- [REQUIRED WORK]:
Exactly as they appear below, repeat the lines from the one with "case=> _ nP1" through the one with "case=> I0 ID IM; split.", and no others.

- [AVAILABLE RECORDS]:
+ + + + + + +

Definition ev_decr_to0 (xs : nat -> X -> \bar R) : Prop :=
  (forall n t, xs n.+1 t <= xs n t) /\
  (forall t, (fun n => xs n t) @ \oo --> (0 : \bar R)).

Definition ev_is_linear (T0 : set (X -> \bar R)) (S : (X -> \bar R) -> R) : Prop :=
  forall x y (a b : R), T0 x -> T0 y ->
    S (ev_fadd (ev_fscale a x) (ev_fscale b y)) = (a * S x + b * S y)%R.

Definition ev_seq_continuous (T0 : set (X -> \bar R)) (S : (X -> \bar R) -> R) : Prop :=
  forall xs : nat -> X -> \bar R, (forall n, T0 (xs n)) -> ev_decr_to0 xs ->
    (fun n => S (xs n)) @ \oo --> (0%R : R).

Definition I_integral (T0 : set (X -> \bar R)) (I : (X -> \bar R) -> R) : Prop :=
  [/\ ev_is_linear T0 I,
      (forall x, T0 x -> ev_fle ev_fzero x -> (0 <= I x)%R) &
      ev_seq_continuous T0 I].

Definition S_integral (T0 : set (X -> \bar R)) (S : (X -> \bar R) -> R) : Prop :=
  [/\ ev_is_linear T0 S,
      ev_seq_continuous T0 S &
      exists M : (X -> \bar R) -> R,
        (forall phi psi, ev_pos_part T0 phi -> ev_pos_part T0 psi -> ev_fle phi psi ->
            (M phi <= M psi)%R) /\
        (forall x, T0 x -> (`| S x | <= M (ev_fabs x))%R)].

Definition ev_Pset (T0 : set (X -> \bar R)) (S : (X -> \bar R) -> R) (x : X -> \bar R)
  : set R := [set S phi | phi in [set phi | T0 phi /\ ev_fle ev_fzero phi /\ ev_fle phi x]].

Definition ev_Pfun T0 S x : R := sup (ev_Pset T0 S x).

Definition ev_Splus T0 S (x : X -> \bar R) : R :=
  (ev_Pfun T0 S (ev_fmax x ev_fzero) - ev_Pfun T0 S (ev_fmax (ev_fopp x) ev_fzero))%R.
Definition ev_Sminus T0 S (x : X -> \bar R) : R := (ev_Splus T0 S x - S x)%R.
Definition ev_Sabs T0 S (x : X -> \bar R) : R := (ev_Splus T0 S x + ev_Sminus T0 S x)%R.

End Ext.

From HB Require Import structures.
From mathcomp Require Import all_boot all_order all_algebra.
From mathcomp Require Import all_classical all_reals all_analysis.
From mathcomp Require Import ring lra.
Import Order.TTheory GRing.Theory Num.Theory numFieldNormedType.Exports.
Set Implicit Arguments.
Unset Strict Implicit.
Local Open Scope classical_set_scope.
Local Open Scope ring_scope.

(* For x >= 0 let P(x) = sup {S(phi) : 0 <= phi <= x}; the bound |S| <= M(|.|)
   with M monotone makes this supremum finite.  The proof follows the classical
   route for order-bounded functionals on a vector lattice:
   1. pointwise facts about the extended reals under the convention
      oo + (-oo) = 0 (Riesz decomposition, Jordan decomposition of a sum);
   2. closure properties of T0 and the algebra of linear functionals on it;
   3. P is additive (via the Riesz decomposition phi = min(phi,x1) + rest) and
      positively homogeneous on T0^+, hence S^+(x) = P(x^+) - P(x^-) is linear
      and equals P(phi) - P(psi) for any decomposition x = phi - psi;
   4. S^+ is sequentially continuous: for x_n decreasing to 0 and z <= x_0 with
      S(z) close to P(x_0), P(x_n) <= P(x_0) - S(z) + S(min(z, x_n)), and the
      last term tends to 0 by the continuity of S;
   5. S^- = S^+ - S and |S| = S^+ + S^- inherit linearity and continuity and are
      positive because S <= P on T0^+. *)

Section ExtendedAddition.
Variable R : realType.
Local Open Scope ereal_scope.
Notation xadd := (@ev_xadd R).
Implicit Types a b c d p q z : \bar R.
(* let [/=] evaluate extended addition once its arguments are constructors *)
Local Arguments adde : simpl nomatch.
(* A diagonal extraction along nested reindexings [sel j]: the limits at depth [j]
   are limits of [f^(ns k - j)], hence preimages under [f] of those at depth [j - 1]. *)
Lemma backward_limits (a b : X) (ns : nat -> nat) :
  subseq_index ns ->
  exists u v : nat -> X,
    (forall j, f (u (S j)) = u j /\ f (v (S j)) = v j) /\
    forall j, exists sel, subseq_index sel /\
      conv (fun k => Nat.iter (ns (sel k) - j) f a) (u j) /\
      conv (fun k => Nat.iter (ns (sel k) - j) f b) (v j).
Proof.
  intros hns.
  set (refines := fun j (t t' : (nat -> nat) * (X * X)) =>
    exists sg, subseq_index sg /\ fst t' = (fun k => fst t (sg k)) /\
      conv (fun k => Nat.iter (ns (fst t' k) - j) f a) (fst (snd t')) /\
      conv (fun k => Nat.iter (ns (fst t' k) - j) f b) (snd (snd t'))).
  destruct (dependent_choice refines (fun k => k, (a, a))) as [s [Hs0 Hs]].
  { intros j [sel p].
    destruct (compact_conv_subseq2 (fun k => Nat.iter (ns (sel k) - j) f a)
                (fun k => Nat.iter (ns (sel k) - j) f b)) as [c [c' [sg [Hsg [Hc Hc']]]]].
    exists (fun k => sel (sg k), (c, c')). exists sg. auto. }
  assert (Hsel : forall j, subseq_index (fst (s j))).
  { induction j as [|j IH]; [rewrite Hs0; intro k; apply le_n|].
    destruct (Hs j) as [sg [Hsg [-> _]]]. apply subseq_index_comp; auto. }
  assert (Hphi : forall j, subseq_index (fun k => ns (fst (s j) k))).
  { intro j. apply subseq_index_comp; auto. }
  exists (fun j => fst (snd (s (S j)))), (fun j => snd (snd (s (S j)))).
  split.
  - intro j. destruct (Hs j) as [_ [_ [_ [Hu Hv]]]].
    destruct (Hs (S j)) as [sg [Hsg [Hsel' [Hu' Hv']]]]. rewrite Hsel' in Hu', Hv'.
    split; [exact (conv_backward_step a _ sg j _ _ (Hphi (S j)) Hsg Hu Hu')
           |exact (conv_backward_step b _ sg j _ _ (Hphi (S j)) Hsg Hv Hv')].
  - intro j. exists (fst (s (S j))). split; [apply Hsel|].
    destruct (Hs j) as [_ [_ [_ H]]]. exact H.
Qed.
Lemma ideal0 : is_ideal (fun r : R => r = 0).
Proof. by split=> [//|a c -> ->|r a ->]; rewrite ?addr0 ?mulr0. Qed.

Lemma prime_ideal P : is_prime P -> is_ideal P.
Proof. by case. Qed.

Lemma ideal_addKr I a c : is_ideal I -> I (a + c) -> I c -> I a.
Proof.
case=> _ ID IM Iac Ic; rewrite -[a](addrK c) -mulN1r.
by apply: ID => //; apply: IM.
Qed.

Lemma ideal_expr I c k : is_ideal I -> (0 < k)%N -> I c -> I (c ^+ k).
Proof. by case=> _ _ IM k_gt0 Ic; rewrite -(prednK k_gt0) exprSr; apply: IM. Qed.

Lemma prime_expr P c k : is_prime P -> P (c ^+ k) -> P c.
Proof.
case=> _ nP1 Pmul; elim: k => [|k IHk]; first by rewrite expr0.
by rewrite exprS => /Pmul[|/IHk].
Qed.

Definition ideal_adjoin I a r : Prop := exists i s, I i /\ r = i + s * a.

Lemma ideal_adjoin_ideal I a : is_ideal I -> is_ideal (ideal_adjoin I a).
Proof.
case=> I0 ID IM; split.
- by exists 0, 0; rewrite mul0r addr0.
- move=> _ _ [i1 [s1 [Ii1 ->]]] [i2 [s2 [Ii2 ->]]].
  by exists (i1 + i2), (s1 + s2); rewrite mulrDl addrACA; split=> //; apply: ID.
- move=> r _ [i [s [Ii ->]]].
  by exists (r * i), (r * s); rewrite mulrDr mulrA; split=> //; apply: IM.
Qed.

Lemma ideal_adjoin_min I a P : is_ideal P -> I \subseteq P -> P a ->
  ideal_adjoin I a \subseteq P.
Proof. by case=> _ PD PM IP Pa _ [i [s [Ii ->]]]; apply: PD; [apply: IP | apply: PM]. Qed.

Lemma sincl_ideal_adjoin I a : is_ideal I -> ~ I a -> sincl I (ideal_adjoin I a).
Proof.
move=> [I0 _ _] nIa; split; first by move=> r Ir; exists r, 0; rewrite mul0r addr0.
by exists a; split=> //; exists 0, 1; rewrite mul1r add0r.
Qed.

Definition finite_prime_cover I : Prop := exists m (Q : nat -> R -> Prop),
  (forall i, (i < m)%N -> is_prime (Q i)) /\
  forall P, is_prime P -> I \subseteq P -> exists2 i, (i < m)%N & Q i \subseteq P.

Lemma finite_prime_cover_adjoin I a c : I (a * c) ->
  finite_prime_cover (ideal_adjoin I a) -> finite_prime_cover (ideal_adjoin I c) ->
  finite_prime_cover I.
Proof.
move=> Iac [m1 [Q1 [Q1prime Q1cover]]] [m2 [Q2 [Q2prime Q2cover]]].
exists (m1 + m2)%N, (fun i => if (i < m1)%N then Q1 i else Q2 (i - m1)%N); split.
  move=> i im; case: ifP => [/Q1prime //|/negbT]; rewrite -leqNgt => m1i.
  by apply: Q2prime; rewrite ltn_subLR.
move=> P Pprime IP; have [Pid _ Pmul] := Pprime.
have [Pa | Pc] := Pmul a c (IP _ Iac).
  have [i im Q1P] := Q1cover P Pprime (ideal_adjoin_min Pid IP Pa).
  by exists i; rewrite ?im // ltn_addr.
have [i im Q2P] := Q2cover P Pprime (ideal_adjoin_min Pid IP Pc).
by exists (m1 + i)%N; rewrite ?ltn_add2l // ltnNge leq_addr addKn.
Qed.

Lemma finite_prime_cover_step I : is_ideal I -> ~ finite_prime_cover I ->
  exists J, [/\ is_ideal J, ~ finite_prime_cover J & sincl I J].
Proof.
move=> Iid Inc.
have Iprime : ~ is_prime I.
  by move=> Ip; apply: Inc; exists 1%N, (fun=> I); split=> // P _ IP; exists 0%N.
have nI1 : ~ I 1.
  by move=> I1; apply: Inc; exists 0%N, (fun=> I); split=> // P [_ nP1 _] /(_ 1 I1).
have [a [c not_mul]] : exists a c, ~ (I (a * c) -> I a \/ I c).
  apply: NNPP => Imul; apply: Iprime; split=> // a c.
  by apply: NNPP => ?; apply: Imul; exists a, c.
have [Iac /not_or_and[nIa nIc]] := imply_to_and _ _ not_mul.
have adjoin_bad d : ~ I d -> ~ finite_prime_cover (ideal_adjoin I d) ->
    exists J, [/\ is_ideal J, ~ finite_prime_cover J & sincl I J].
  move=> nId ?; exists (ideal_adjoin I d).
  by split; [apply: ideal_adjoin_ideal | | apply: sincl_ideal_adjoin].
have [?|] := classic (finite_prime_cover (ideal_adjoin I a)); last exact: adjoin_bad.
have [?|] := classic (finite_prime_cover (ideal_adjoin I c)); last exact: adjoin_bad.
by case: Inc; apply: finite_prime_cover_adjoin Iac _ _.
Qed.

Lemma noetherian_ind (Pr : (R -> Prop) -> Prop) : noetherian R ->
  (forall I, is_ideal I -> ~ Pr I -> exists J, [/\ is_ideal J, ~ Pr J & sincl I J]) ->
  forall I, is_ideal I -> Pr I.
Proof.
move=> noeth step I Iid; apply: NNPP => nPrI.
pose B := {J | is_ideal J /\ ~ Pr J}.
have next (J : B) : {K : B | sincl (sval J) (sval K)}.
  case: J => J [Jid nPrJ]; have := step J Jid nPrJ.
  case/constructive_indefinite_description => K [Kid nPrK JK].
  by exists (exist _ K (conj Kid nPrK)).
pose chain n := iter n (fun J : B => sval (next J)) (exist _ I (conj Iid nPrI) : B).
have chain_sincl n : sincl (sval (chain n)) (sval (chain n.+1)) := svalP (next _).
have [N stable] := noeth (fun n => sval (chain n)) (fun n => (svalP (chain n)).1)
  (fun n => (chain_sincl n).1).
by have [_ [r [Nr []]]] := chain_sincl N; apply: stable Nr.
Qed.

Lemma noetherian_finite_prime_cover I : noetherian R -> is_ideal I -> finite_prime_cover I.
Proof. by move=> noeth; apply: noetherian_ind => //; apply: finite_prime_cover_step. Qed.

Lemma minimal_prime_sub P Q :
  minimal_prime P -> is_prime Q -> Q \subseteq P -> P \subseteq Q.
Proof.
case=> _ Pmin Qp QP r Pr; apply: NNPP => nQr.
by apply: (Pmin Q Qp); split=> //; exists r.
Qed.

Lemma noetherian_finite_minimal_primes : noetherian R ->
  exists m (Q : nat -> R -> Prop), (forall i, (i < m)%N -> minimal_prime (Q i)) /\
    forall P, minimal_prime P -> exists2 i, (i < m)%N & forall r, P r <-> Q i r.
Proof.
move=> noeth; have [m [Q [Qprime Qcover]]] := noetherian_finite_prime_cover noeth ideal0.
have [m' [f [fmin f_onto]]] := finite_select (fun i => minimal_prime (Q i)) m.
exists m', (fun j => Q (f j)); split=> // P Pmin.
have [Pprime _] := Pmin; have [Pid _ _] := Pprime.
have [i im QP] : exists2 i, (i < m)%N & Q i \subseteq P.
  by apply: Qcover => // _ ->; case: Pid.
have PQ := minimal_prime_sub Pmin (Qprime i im) QP.
have Qmin : minimal_prime (Q i).
  split=> [|Q' Q'p [Q'Q [r [Qr nQ'r]]]]; first exact: Qprime.
  have [_ /(_ Q' Q'p)] := Pmin; apply; split=> [s /Q'Q /QP //|].
  by exists r; split=> //; apply: QP.
have [j jm fj] := f_onto i im Qmin.
by exists j; rewrite // fj; split; [apply: PQ | apply: QP].
Qed.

+ + + + + + +

- [SOLVED EXERCISE]:
case=> _ nP1 Pmul; elim: k => [|k IHk]; first by rewrite expr0.
by rewrite exprS => /Pmul[|/IHk].
Qed.

Definition ideal_adjoin I a r : Prop := exists i s, I i /\ r = i + s * a.

Lemma ideal_adjoin_ideal I a : is_ideal I -> is_ideal (ideal_adjoin I a).
Proof.
case=> I0 ID IM; split.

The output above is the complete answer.